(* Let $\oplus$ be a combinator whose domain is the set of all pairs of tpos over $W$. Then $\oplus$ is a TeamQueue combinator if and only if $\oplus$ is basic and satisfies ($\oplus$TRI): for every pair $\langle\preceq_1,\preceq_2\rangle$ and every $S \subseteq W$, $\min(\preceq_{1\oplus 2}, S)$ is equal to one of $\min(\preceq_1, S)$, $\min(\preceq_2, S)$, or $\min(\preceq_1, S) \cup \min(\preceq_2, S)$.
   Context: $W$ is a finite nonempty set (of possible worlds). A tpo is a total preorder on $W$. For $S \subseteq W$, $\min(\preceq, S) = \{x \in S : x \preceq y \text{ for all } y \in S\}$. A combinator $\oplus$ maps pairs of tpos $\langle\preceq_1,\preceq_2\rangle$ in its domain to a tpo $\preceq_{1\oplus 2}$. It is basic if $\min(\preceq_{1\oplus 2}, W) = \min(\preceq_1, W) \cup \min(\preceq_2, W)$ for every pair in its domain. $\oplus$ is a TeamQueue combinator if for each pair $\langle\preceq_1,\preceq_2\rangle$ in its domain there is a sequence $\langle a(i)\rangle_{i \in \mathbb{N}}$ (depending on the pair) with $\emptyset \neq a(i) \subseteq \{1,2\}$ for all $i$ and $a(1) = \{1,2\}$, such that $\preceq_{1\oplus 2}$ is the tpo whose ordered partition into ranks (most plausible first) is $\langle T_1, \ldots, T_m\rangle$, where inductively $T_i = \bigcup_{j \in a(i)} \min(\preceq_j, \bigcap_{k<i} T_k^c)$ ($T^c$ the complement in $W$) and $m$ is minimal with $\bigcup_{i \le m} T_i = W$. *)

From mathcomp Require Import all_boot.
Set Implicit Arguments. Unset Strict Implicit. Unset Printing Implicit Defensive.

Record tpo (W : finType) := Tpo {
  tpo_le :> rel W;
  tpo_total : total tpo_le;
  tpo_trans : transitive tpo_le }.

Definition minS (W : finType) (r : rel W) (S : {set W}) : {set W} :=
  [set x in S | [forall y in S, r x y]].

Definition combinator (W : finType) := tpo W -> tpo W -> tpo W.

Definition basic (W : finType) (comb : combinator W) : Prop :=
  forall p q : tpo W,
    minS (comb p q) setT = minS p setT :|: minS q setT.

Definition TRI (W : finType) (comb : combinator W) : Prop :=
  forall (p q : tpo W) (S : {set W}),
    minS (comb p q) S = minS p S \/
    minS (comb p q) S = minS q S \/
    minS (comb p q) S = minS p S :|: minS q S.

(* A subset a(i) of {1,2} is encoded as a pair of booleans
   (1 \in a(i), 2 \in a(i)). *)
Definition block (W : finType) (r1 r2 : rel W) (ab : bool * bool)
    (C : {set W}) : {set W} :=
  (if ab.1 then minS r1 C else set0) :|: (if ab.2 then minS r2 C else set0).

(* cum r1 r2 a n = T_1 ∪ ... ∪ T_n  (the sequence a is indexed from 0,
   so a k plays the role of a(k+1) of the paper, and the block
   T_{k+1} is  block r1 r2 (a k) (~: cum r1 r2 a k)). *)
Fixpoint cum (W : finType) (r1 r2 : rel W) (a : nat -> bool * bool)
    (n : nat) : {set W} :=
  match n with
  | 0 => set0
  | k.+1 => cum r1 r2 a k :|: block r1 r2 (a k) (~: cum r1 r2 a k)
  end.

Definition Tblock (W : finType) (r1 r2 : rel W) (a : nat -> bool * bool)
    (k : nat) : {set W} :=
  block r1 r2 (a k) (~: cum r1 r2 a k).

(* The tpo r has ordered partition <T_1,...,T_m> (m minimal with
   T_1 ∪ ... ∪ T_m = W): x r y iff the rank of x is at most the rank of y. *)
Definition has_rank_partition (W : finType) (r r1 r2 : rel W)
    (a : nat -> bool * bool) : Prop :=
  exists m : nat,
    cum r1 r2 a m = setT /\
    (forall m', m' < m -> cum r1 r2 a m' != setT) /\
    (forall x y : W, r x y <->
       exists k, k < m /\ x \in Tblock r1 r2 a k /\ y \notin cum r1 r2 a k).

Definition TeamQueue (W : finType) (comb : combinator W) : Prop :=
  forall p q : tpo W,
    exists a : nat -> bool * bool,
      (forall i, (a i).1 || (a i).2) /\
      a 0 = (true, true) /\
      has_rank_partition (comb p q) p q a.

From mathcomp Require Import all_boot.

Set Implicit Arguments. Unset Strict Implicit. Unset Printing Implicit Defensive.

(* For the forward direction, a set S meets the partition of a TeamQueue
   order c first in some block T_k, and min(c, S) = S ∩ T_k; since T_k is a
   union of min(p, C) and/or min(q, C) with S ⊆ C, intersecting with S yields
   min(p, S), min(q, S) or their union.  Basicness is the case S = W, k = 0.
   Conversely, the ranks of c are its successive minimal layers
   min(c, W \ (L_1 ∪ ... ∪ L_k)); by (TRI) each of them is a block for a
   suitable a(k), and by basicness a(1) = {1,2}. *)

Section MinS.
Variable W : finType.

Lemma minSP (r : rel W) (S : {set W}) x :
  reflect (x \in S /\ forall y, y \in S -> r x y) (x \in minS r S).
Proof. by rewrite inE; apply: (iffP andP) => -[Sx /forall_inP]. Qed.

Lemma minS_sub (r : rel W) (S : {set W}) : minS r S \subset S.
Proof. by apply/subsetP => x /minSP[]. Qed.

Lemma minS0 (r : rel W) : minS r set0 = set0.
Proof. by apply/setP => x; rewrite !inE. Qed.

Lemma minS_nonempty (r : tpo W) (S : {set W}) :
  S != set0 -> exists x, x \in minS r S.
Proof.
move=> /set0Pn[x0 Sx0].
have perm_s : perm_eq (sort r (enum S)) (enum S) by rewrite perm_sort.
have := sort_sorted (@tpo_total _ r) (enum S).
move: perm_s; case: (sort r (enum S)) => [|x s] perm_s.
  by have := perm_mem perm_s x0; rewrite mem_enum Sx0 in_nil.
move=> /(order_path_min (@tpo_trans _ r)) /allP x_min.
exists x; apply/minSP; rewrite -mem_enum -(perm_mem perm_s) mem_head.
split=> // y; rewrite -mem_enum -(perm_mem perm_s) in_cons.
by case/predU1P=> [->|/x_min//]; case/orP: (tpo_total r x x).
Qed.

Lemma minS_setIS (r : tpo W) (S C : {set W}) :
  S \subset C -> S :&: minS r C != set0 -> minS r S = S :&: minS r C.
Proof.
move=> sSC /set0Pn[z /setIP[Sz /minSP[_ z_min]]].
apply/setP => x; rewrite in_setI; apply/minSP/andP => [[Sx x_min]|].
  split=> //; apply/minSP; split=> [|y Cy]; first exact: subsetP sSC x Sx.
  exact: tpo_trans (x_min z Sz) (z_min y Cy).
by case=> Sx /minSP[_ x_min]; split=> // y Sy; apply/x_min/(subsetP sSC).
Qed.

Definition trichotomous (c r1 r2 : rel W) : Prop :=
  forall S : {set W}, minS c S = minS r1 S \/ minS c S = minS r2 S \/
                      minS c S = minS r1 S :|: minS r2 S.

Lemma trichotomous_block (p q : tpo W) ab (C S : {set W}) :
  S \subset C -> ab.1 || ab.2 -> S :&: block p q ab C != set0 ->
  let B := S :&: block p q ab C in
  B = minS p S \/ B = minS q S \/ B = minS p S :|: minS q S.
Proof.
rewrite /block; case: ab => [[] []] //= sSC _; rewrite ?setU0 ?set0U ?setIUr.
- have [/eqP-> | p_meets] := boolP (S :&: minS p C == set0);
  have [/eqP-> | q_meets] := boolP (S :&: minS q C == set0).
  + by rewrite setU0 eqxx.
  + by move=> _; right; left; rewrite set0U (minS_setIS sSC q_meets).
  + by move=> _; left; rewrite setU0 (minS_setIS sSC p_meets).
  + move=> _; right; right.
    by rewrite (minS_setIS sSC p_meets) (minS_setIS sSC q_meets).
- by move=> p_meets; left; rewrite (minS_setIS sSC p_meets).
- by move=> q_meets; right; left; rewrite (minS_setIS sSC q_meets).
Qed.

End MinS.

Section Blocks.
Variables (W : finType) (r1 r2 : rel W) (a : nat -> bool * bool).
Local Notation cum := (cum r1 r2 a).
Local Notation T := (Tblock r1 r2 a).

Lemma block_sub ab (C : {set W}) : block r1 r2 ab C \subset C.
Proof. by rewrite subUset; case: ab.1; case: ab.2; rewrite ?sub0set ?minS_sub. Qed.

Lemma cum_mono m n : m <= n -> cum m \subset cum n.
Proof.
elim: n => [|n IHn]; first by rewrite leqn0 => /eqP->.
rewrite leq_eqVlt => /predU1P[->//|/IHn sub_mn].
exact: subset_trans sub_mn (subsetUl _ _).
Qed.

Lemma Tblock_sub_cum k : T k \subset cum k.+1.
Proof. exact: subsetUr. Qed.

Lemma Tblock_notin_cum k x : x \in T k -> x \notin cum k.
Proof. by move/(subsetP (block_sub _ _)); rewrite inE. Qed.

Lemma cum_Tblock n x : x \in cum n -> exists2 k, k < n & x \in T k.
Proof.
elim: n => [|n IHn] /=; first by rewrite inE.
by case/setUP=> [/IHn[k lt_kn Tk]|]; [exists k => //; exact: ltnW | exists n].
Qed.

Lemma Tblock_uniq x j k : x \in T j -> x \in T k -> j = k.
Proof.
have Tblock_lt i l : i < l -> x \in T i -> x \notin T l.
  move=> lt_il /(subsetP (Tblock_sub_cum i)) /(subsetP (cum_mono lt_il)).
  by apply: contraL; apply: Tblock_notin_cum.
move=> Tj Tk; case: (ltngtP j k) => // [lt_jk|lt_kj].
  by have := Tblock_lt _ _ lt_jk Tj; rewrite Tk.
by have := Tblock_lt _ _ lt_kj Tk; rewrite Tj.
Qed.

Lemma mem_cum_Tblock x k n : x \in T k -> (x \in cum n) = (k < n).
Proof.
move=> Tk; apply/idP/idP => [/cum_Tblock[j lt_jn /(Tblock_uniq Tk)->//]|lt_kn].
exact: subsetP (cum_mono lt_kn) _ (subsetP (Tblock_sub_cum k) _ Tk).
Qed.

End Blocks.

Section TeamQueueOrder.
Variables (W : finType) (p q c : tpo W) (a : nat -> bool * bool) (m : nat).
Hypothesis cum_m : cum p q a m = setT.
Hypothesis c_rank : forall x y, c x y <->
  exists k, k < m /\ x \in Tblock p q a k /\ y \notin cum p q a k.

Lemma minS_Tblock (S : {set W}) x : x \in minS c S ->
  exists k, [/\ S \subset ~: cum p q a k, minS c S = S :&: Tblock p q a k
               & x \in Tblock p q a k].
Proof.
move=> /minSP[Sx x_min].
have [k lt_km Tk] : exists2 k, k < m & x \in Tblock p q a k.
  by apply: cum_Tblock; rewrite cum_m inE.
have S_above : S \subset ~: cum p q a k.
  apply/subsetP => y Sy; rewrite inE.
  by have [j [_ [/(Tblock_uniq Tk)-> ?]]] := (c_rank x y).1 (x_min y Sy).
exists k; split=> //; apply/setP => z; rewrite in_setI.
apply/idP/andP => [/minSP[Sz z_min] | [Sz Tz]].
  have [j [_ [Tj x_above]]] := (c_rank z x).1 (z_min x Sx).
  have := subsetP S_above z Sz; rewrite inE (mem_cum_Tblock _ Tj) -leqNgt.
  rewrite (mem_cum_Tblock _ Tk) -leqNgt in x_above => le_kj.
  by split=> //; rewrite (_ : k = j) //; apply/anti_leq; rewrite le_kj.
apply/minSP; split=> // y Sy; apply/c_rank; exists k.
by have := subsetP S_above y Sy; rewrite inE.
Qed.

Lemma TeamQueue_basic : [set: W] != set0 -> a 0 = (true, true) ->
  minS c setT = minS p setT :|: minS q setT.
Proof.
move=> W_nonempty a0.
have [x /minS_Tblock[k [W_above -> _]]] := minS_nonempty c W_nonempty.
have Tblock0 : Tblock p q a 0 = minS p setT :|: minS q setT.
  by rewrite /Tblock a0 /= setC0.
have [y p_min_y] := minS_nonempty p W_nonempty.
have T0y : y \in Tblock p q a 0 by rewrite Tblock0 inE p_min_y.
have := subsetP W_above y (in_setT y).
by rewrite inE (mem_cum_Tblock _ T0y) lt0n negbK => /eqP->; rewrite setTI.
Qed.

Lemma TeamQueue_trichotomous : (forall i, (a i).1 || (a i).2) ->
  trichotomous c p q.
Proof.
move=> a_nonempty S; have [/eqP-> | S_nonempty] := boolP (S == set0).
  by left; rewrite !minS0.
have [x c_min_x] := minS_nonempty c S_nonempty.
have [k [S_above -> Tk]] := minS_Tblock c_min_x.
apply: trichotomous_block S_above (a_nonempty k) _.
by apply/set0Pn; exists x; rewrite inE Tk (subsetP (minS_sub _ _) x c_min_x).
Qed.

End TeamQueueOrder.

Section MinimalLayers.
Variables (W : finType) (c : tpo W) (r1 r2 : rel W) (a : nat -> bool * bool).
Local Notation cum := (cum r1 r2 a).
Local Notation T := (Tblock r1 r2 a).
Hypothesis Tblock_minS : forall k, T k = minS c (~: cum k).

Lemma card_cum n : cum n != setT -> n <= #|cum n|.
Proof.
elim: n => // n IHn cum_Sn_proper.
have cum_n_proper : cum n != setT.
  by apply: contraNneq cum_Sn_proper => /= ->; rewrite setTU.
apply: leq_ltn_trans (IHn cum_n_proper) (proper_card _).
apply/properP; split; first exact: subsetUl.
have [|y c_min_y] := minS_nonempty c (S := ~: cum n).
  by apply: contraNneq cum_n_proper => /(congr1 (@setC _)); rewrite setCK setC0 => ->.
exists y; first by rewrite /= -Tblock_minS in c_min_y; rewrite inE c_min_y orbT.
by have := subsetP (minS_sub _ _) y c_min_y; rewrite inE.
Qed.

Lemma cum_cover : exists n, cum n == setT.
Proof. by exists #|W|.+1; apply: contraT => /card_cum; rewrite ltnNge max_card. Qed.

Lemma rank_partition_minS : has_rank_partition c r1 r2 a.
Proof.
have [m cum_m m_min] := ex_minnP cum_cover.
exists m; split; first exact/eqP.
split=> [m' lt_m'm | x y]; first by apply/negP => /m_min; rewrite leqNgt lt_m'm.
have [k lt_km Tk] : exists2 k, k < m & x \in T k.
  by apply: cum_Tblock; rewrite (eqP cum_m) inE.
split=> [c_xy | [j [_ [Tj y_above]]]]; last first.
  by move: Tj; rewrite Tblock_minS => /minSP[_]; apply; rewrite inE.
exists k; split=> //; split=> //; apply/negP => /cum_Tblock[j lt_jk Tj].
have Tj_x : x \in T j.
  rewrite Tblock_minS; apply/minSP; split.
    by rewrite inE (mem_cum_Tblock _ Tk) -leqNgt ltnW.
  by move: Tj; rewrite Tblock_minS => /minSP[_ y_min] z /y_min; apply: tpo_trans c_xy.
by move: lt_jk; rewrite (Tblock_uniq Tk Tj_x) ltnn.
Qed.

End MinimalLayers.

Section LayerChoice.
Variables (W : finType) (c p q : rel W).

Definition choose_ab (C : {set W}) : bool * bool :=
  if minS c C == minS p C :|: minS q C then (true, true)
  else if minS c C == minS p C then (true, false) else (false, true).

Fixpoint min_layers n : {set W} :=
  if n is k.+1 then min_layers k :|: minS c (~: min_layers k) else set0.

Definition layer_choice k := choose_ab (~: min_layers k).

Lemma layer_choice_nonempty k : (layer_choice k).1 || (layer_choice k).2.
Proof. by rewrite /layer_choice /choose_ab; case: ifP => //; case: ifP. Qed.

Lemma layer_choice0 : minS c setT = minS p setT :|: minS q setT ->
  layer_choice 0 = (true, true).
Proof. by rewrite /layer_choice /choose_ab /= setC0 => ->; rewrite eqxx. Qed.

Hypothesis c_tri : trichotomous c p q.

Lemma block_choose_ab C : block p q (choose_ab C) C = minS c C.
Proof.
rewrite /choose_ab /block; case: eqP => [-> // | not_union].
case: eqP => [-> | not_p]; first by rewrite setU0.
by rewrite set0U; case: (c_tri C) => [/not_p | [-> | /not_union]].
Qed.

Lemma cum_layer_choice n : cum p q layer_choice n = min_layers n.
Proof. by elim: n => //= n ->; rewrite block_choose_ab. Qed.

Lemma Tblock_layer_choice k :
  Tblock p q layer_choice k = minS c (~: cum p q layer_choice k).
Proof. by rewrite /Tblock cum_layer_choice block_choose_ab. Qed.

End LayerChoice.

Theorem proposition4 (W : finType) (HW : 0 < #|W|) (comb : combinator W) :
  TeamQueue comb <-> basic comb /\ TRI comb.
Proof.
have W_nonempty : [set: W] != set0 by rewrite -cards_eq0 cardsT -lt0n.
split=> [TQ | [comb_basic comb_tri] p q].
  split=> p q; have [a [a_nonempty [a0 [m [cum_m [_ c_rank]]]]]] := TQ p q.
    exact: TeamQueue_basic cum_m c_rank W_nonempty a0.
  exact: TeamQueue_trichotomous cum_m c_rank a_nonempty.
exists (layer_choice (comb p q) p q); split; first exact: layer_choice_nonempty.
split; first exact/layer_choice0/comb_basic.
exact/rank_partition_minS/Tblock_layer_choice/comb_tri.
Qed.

» **DIRECTIONS**: Only the lines above starting with the one with "apply/idP/andP => [/minSP[Sz" and going through the one with "rewrite (mem_cum_Tblock _" are to be copied, word for word and with both ends kept.

» **RESPONSE BOX**:
apply/idP/andP => [/minSP[Sz z_min] | [Sz Tz]].
  have [j [_ [Tj x_above]]] := (c_rank z x).1 (z_min x Sx).
  have := subsetP S_above z Sz; rewrite inE (mem_cum_Tblock _ Tj) -leqNgt.
  rewrite (mem_cum_Tblock _ Tk) -leqNgt in x_above => le_kj.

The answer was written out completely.